We joined the small and manageable crowd inside waiting for the aarti. The process started with subordinate priests initiating the process. Then the head priest entered the scene and formally started the aarti. The complex became abuzz with chants and Karnatic music. Many people wishes to be there to attend the aarti, but that wish remains unfulfilled. And here, me, not vey devout, yet the lord had chosen me to be here to witness the aarti. This overwhelmed me. This made my evening. I will never forget this occasion.
The aarti went on for about half an hour. The darshan of the deity is to be done through a small window called the navagraha kiTiki, the window of nine planets, while doing parikrama of the Sanctum Santorum. This window which is covered with artistically carved silver plates. You will find many materials on it in the net. There are two unique facts about the temple: 1) the deity is not facing the main entrance. In fact it is facing backwards and has to be seen through the 'Kanakana Kindi' or the small window at the back of the temple. And 2) Lord Krishna is worshipped here in his form as a child or small boy. As a child can easily get gratified, the lord here can also be easily gratified. He fulfils wishes very easily. This belief brings large no. of devotees to this temple. The attire of the deity is changed on a daily basis. So every time you get to see him in a new avtar.

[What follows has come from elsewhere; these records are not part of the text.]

(* Both transducers first split into three equally likely branches (probability
   1/3, resp. amplitude 1/sqrt 3) and are deterministic afterwards.  Branch [init]
   rejects on the next letter; branch [copy1] copies the bits before the 2 and then
   accepts at the right end marker iff no second 2 occurs; branch [skip1] skips up
   to the 2 and copies the bits after it, with the same acceptance condition.  Both
   live branches accept with output w exactly when the input is w2w, so
   T(w|v) = 2/3 on R_2 and T(w|v) <= 1/3 off it.
   In the quantum transducer every letter other than the left marker permutes the
   basis states, so the three branches never interfere and the acceptance
   probability is the same as for the probabilistic one.  The initial unitary is
   the Householder reflection exchanging |init> with the uniform superposition of
   the three branch states. *)

From mathcomp Require Import all_boot all_order all_algebra all_fingroup.
From mathcomp Require Import reals complex ring lra.
From mathcomp Require boolp.
Set Implicit Arguments.
Unset Strict Implicit.
Unset Printing Implicit Defensive.
Import Order.TTheory GRing.Theory Num.Theory.
Local Open Scope ring_scope.

Lemma sum_delta (R : pzSemiRingType) n (c : 'I_n) (F : 'I_n -> R) :
  \sum_p (c == p)%:R * F p = F c.
Proof.
rewrite (bigD1 c) //= eqxx mul1r big1 ?addr0 // => p.
by rewrite eq_sym => /negPf ->; rewrite mul0r.
Qed.

Lemma sum_delta1 (R : pzSemiRingType) n (c : 'I_n) : \sum_p (c == p)%:R = 1 :> R.
Proof. by rewrite -[RHS](sum_delta c (fun=> 1)); apply: eq_bigr => p _; rewrite mulr1. Qed.

Lemma eq_cat_suffix (T : eqType) (x y f : seq T) :
  (x == y ++ f) = suffix f x && (take (size x - size f) x == y).
Proof.
apply/eqP/andP => [-> | [/suffixP[z ->]]].
  by rewrite suffix_suffix size_cat addnK take_size_cat.
by rewrite size_cat addnK take_size_cat // => /eqP ->.
Qed.

Lemma perm_mxE (R : pzSemiRingType) n (s : 'S_n) i j :
  perm_mx s i j = (s i == j)%:R :> R.
Proof. by rewrite !mxE. Qed.

Lemma sqmodM (R : realType) (z z' : R[i]) : sqmod (z * z') = sqmod z * sqmod z'.
Proof. by case: z z' => [a b] [c d]; rewrite /sqmod /=; ring. Qed.

Lemma sqmod0 (R : realType) : sqmod (0 : R[i]) = 0.
Proof. by rewrite /sqmod /= expr0n /= addr0. Qed.

Lemma sqmod_nat (R : realType) (b : bool) : sqmod (b%:R : R[i]) = b%:R.
Proof. by case: b; rewrite /sqmod /= ?expr0n /= ?expr1n ?addr0. Qed.

Lemma sqmod_real (R : realType) (r : R) : sqmod (real_complex R r) = r ^+ 2.
Proof. by rewrite /sqmod /= expr0n /= addr0. Qed.

Definition householder (F : fieldType) n (x : 'rV[F]_n) : 'M[F]_n :=
  1%:M - (2 / (x *m x^T) 0 0) *: (x^T *m x).

Lemma tr_householder (F : fieldType) n (x : 'rV[F]_n) :
  (householder x)^T = householder x.
Proof. by rewrite /householder linearB /= linearZ /= trmx1 trmx_mul trmxK. Qed.

Lemma householder_orthogonal (F : fieldType) n (x : 'rV[F]_n) :
  (x *m x^T) 0 0 != 0 -> householder x *m (householder x)^T = 1%:M.
Proof.
move=> x_neq0; rewrite tr_householder /householder.
set k := (x *m x^T) 0 0; set X := x^T *m x.
have XX : X *m X = k *: X.
  by rewrite /X mulmxA -(mulmxA _ x) [x *m _]mx11_scalar mul_mx_scalar -scalemxAl.
rewrite mulmxBl mul1mx mulmxBr mulmx1 -scalemxAl -scalemxAr XX !scalerA.
have -> : 2 / k * (2 / k) * k = 2 / k + 2 / k by field.
by rewrite scalerDl opprB addrK subrK.
Qed.

Lemma unitary_real (R : realType) n (M : 'M[R]_n) :
  M *m M^T = 1%:M -> unitary (map_mx (real_complex R) M).
Proof.
move=> orthoM.
have conjM : map_mx (@conjc R) (map_mx (real_complex R) M) = map_mx (real_complex R) M.
  by apply/matrixP => i j; rewrite !mxE conjc_real.
by rewrite /unitary conjM map_trmx -map_mxM orthoM map_mx1.
Qed.

Lemma unitary_perm_mx (R : realType) n (s : 'S_n) : unitary (perm_mx s : 'M[R[i]]_n).
Proof. by rewrite /unitary map_perm_mx tr_perm_mx -perm_mxM mulgV perm_mx1. Qed.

We spent some more time in exploring the temple complex. The main building is a wooden structure, well ornate in south Indian style. Statues of various deities / gods adorn the building. Prasad can be bought from a counter, once you complete the parikrama. The temple is managed by a group of eight temples collectively known as Astha Matha. Each of the Ashta Mathas performs temple management activities for two years in a cyclical order. There are few other smaller temples in the complex. There are souvenir shops in the complex from where we bought photo of the lord. While entering the temple we had to leave the footwear outside, just by a wall, unattended. There was no system to deposit shoes. Surprisingly the shoes were there when we returned. It seems lord by his influence had kept bad elements away from his complex.
On our way back, we had stopped at a roadside hotel for tea. We were easily identified as outsiders. Not much tourist type of people comes to that village tea stall. Some of the locals started to get into conversation with us. When they learned that we are from Delhi, one of the boys proudly announced that he had been to Delhi once. He spoke of the wide roads, big cars he had seen and admired in Delhi. Well, most things always look good from distance. We had enjoyed everything we had seen that evening, and that boy enjoyed what he had seen in a concrete jungle.
Next morning, we were informed of an informal breakfast meeting. This left us no time for visiting the local market. While leaving, we were given mementos as parting gift. When we opened the gifts, it had two packets of cashew! This is what we wanted to buy, but could not find time because we had chosen to go to Udupi. Did we gratify the Lord Krishna by preferring to pay a visit to him rather than going shopping? May be. Certain things do not have logical answers.